→ What you will do: The records below hold a stretch from the line with "(forall q : Q, exists x, pi x = q) &" through the line with "R-combinations of the"; return exactly those lines, ends included, and nothing more.

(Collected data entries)
-------

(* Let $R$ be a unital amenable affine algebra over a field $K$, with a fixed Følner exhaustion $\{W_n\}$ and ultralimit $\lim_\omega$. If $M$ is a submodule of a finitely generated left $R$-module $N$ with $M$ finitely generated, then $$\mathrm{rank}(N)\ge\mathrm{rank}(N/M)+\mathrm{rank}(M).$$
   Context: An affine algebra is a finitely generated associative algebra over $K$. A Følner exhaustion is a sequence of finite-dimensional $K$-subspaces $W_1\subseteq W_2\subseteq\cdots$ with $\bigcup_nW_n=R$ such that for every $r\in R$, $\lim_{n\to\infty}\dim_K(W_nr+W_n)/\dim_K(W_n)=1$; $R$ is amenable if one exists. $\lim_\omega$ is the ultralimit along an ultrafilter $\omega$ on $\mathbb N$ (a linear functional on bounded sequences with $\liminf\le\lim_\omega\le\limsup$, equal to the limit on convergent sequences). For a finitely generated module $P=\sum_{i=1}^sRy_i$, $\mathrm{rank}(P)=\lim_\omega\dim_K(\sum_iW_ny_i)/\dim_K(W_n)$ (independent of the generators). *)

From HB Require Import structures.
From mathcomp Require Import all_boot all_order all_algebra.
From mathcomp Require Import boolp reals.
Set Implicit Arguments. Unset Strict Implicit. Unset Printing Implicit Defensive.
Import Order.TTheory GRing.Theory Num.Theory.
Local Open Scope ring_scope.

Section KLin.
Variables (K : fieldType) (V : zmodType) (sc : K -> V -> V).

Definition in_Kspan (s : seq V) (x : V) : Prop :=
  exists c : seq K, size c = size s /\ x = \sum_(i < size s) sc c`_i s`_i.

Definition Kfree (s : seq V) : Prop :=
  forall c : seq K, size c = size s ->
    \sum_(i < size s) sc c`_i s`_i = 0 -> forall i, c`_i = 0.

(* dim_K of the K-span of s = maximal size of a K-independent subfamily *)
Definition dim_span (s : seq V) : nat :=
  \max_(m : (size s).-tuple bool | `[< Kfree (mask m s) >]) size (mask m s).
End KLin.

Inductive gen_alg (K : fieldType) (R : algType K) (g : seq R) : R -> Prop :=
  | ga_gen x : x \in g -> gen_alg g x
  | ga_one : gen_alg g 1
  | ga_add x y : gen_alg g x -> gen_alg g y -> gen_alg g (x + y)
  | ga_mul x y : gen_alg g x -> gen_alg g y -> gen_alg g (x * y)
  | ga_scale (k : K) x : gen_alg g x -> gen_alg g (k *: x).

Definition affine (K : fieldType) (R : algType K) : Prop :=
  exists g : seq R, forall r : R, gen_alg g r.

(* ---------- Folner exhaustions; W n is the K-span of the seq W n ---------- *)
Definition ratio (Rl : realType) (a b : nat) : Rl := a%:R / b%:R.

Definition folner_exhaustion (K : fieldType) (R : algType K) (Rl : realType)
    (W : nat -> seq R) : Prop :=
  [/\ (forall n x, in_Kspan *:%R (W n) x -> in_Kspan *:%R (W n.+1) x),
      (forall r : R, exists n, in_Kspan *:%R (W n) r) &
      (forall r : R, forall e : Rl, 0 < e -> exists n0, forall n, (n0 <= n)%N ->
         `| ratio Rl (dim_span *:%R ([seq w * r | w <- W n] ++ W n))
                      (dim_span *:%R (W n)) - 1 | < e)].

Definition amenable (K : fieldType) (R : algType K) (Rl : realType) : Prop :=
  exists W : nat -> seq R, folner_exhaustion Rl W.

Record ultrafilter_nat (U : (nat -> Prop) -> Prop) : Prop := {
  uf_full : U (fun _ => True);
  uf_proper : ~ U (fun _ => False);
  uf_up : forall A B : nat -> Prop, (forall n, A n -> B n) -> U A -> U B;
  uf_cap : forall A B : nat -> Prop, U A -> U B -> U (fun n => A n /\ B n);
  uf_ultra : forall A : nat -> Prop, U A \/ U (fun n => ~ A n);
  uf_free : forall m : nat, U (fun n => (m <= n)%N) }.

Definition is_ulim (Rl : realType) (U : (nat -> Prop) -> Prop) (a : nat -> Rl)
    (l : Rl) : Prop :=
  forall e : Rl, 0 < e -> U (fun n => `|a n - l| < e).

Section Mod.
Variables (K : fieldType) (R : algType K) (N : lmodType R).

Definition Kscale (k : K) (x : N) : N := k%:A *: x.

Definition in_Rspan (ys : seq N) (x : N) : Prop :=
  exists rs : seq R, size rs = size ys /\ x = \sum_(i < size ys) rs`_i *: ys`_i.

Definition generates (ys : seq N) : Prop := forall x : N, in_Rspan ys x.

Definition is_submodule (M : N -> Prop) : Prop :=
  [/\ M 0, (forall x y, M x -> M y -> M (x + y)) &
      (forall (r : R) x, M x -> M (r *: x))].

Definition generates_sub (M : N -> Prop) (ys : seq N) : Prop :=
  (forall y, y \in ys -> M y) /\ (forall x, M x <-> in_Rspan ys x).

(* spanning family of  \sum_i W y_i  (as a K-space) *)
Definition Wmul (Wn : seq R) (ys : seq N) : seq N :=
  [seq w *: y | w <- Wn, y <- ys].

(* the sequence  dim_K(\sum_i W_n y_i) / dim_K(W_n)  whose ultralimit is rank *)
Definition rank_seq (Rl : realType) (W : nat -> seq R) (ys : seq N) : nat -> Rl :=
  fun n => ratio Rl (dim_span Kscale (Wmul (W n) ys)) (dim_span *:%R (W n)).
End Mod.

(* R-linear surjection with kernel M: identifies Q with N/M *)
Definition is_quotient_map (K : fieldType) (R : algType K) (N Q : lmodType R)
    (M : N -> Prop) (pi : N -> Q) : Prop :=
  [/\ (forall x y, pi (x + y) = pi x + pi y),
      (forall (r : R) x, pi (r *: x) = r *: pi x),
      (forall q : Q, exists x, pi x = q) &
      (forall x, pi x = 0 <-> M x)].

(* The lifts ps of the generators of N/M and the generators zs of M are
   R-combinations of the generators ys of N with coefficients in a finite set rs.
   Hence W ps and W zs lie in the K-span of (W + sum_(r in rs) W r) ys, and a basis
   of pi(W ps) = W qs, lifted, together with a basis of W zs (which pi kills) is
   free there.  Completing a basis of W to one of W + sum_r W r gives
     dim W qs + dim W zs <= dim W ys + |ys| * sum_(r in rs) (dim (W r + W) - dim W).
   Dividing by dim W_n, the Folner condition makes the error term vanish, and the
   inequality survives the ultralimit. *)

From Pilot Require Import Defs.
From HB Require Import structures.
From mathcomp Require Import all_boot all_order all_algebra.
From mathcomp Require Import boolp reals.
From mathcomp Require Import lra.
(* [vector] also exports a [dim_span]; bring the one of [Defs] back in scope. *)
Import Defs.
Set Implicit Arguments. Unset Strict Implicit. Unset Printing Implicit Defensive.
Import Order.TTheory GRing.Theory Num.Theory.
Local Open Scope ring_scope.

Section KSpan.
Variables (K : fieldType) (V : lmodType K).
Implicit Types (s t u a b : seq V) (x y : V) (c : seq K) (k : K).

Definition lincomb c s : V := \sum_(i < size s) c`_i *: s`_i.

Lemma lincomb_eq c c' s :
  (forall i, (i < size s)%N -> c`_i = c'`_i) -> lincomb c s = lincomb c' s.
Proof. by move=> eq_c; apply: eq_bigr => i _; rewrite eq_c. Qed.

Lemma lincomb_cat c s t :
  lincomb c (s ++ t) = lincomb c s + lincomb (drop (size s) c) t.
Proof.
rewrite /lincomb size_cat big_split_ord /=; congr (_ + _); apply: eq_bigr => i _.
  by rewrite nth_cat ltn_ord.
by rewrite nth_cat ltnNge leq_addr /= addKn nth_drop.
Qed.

-------

→ Answer box:
      (forall q : Q, exists x, pi x = q) &
      (forall x, pi x = 0 <-> M x)].

(* The lifts ps of the generators of N/M and the generators zs of M are
   R-combinations of the generators ys of N with coefficients in a finite set rs.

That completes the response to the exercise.